The input:

----------

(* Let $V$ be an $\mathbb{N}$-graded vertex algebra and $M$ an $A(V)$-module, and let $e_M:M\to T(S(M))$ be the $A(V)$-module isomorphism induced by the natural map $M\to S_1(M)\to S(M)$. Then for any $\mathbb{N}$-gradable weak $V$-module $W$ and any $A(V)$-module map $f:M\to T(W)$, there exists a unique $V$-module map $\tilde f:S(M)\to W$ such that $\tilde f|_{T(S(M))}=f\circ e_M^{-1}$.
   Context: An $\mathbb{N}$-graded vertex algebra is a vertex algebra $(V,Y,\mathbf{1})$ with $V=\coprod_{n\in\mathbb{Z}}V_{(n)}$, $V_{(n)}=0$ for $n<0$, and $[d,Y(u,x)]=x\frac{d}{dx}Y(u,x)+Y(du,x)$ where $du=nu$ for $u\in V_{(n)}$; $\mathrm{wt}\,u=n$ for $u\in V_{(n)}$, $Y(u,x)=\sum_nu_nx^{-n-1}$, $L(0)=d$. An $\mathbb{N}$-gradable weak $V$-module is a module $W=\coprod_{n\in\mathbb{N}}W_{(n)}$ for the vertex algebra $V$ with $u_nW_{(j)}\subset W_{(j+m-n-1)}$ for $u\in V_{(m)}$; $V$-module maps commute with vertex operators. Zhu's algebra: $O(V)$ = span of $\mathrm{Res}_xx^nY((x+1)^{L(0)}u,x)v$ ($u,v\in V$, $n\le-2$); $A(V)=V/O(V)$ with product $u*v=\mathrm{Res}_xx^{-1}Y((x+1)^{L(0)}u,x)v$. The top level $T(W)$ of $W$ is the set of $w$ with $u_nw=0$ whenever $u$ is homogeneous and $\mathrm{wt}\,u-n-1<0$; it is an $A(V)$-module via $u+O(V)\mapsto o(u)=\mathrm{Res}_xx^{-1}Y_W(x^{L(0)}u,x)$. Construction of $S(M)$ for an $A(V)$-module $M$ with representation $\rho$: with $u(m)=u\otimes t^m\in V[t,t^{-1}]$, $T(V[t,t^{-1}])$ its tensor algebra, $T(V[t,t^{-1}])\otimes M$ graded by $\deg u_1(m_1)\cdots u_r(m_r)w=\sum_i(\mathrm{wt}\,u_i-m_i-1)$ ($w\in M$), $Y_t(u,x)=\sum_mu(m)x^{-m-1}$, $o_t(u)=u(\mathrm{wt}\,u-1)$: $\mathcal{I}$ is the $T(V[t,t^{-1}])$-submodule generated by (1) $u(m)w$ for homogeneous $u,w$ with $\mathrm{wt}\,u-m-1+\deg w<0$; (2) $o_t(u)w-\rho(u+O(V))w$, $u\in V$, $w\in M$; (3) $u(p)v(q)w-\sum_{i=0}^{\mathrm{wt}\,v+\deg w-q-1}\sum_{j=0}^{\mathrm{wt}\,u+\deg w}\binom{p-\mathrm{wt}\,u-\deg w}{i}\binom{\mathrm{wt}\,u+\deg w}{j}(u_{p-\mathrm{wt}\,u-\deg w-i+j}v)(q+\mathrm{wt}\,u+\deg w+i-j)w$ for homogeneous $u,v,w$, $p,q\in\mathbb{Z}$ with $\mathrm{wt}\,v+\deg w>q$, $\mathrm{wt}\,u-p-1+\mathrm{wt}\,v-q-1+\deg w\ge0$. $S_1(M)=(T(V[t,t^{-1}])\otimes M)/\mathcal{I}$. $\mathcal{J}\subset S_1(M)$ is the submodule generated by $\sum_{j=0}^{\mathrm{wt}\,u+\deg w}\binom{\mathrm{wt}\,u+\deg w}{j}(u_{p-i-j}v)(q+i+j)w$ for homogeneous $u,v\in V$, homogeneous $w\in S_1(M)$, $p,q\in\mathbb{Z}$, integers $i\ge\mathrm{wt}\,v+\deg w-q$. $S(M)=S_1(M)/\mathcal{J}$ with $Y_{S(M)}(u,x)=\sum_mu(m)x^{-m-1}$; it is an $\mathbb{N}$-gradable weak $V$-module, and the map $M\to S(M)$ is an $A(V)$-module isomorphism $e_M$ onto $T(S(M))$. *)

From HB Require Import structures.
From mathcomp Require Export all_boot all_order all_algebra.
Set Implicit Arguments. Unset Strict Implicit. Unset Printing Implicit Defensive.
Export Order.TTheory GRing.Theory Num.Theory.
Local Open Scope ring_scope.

----------

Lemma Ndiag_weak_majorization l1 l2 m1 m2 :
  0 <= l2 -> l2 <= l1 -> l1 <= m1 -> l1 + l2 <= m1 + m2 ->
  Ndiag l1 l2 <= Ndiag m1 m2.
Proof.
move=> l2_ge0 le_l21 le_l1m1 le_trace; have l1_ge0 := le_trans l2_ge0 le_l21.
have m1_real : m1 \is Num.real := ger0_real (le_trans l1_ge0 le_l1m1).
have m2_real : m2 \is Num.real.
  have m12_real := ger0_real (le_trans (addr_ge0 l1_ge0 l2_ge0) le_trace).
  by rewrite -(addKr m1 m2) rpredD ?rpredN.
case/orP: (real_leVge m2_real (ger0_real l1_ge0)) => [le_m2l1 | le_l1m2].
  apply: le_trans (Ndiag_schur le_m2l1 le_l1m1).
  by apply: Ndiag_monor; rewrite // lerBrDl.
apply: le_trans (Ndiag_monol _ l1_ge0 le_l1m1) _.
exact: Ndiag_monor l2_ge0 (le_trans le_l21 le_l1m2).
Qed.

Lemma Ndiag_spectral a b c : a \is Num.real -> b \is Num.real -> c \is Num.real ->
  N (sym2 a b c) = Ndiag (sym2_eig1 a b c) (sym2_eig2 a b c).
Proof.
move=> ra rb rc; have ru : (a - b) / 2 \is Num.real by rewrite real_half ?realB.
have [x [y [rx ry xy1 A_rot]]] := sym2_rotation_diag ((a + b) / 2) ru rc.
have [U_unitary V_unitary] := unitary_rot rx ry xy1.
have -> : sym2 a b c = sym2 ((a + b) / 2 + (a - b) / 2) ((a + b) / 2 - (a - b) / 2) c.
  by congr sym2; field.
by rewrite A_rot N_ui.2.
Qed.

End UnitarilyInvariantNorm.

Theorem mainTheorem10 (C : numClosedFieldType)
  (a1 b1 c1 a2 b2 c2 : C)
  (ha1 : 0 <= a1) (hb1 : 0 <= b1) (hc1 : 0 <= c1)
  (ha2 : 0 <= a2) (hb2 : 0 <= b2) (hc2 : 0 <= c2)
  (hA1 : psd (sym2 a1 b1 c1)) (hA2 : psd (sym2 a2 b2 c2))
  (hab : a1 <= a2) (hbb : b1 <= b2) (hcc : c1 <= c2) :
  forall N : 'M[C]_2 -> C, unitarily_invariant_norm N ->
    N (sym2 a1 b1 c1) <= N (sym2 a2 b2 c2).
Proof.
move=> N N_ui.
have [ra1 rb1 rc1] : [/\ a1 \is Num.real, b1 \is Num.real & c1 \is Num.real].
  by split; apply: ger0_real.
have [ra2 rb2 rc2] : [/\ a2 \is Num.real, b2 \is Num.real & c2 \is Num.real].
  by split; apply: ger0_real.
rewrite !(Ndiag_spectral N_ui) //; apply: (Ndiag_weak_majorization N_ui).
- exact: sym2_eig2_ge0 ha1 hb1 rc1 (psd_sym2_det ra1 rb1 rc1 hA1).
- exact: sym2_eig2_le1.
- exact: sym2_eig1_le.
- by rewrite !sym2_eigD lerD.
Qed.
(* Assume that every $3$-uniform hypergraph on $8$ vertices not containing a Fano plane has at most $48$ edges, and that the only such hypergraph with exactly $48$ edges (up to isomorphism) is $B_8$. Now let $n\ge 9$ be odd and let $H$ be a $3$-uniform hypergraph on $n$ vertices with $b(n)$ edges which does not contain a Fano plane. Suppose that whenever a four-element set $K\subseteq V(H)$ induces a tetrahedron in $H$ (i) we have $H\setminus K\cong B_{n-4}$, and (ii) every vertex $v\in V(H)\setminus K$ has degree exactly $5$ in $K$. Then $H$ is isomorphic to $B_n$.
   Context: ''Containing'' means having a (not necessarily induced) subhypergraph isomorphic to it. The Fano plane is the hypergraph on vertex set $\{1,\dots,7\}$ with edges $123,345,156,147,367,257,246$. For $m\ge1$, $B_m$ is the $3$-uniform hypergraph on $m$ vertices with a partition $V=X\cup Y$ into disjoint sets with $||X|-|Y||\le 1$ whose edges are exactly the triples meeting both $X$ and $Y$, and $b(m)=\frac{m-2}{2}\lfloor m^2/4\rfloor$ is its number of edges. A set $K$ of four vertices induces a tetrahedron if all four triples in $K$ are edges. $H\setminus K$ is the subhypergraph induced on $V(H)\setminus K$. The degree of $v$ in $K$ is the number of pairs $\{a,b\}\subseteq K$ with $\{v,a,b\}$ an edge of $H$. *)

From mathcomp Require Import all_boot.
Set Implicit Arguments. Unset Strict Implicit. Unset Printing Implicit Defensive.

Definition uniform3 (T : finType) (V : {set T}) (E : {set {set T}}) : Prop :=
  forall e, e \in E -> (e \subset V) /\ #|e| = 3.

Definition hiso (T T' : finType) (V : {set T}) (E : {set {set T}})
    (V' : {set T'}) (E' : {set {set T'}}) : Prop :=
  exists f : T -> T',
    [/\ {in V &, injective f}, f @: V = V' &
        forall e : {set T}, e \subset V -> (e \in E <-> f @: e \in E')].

----------

Work to complete:
What lines in the data above contain the word "Definition"? Copy them all.

Result below:
Definition uniform3 (T : finType) (V : {set T}) (E : {set {set T}}) : Prop :=
Definition hiso (T T' : finType) (V : {set T}) (E : {set {set T}})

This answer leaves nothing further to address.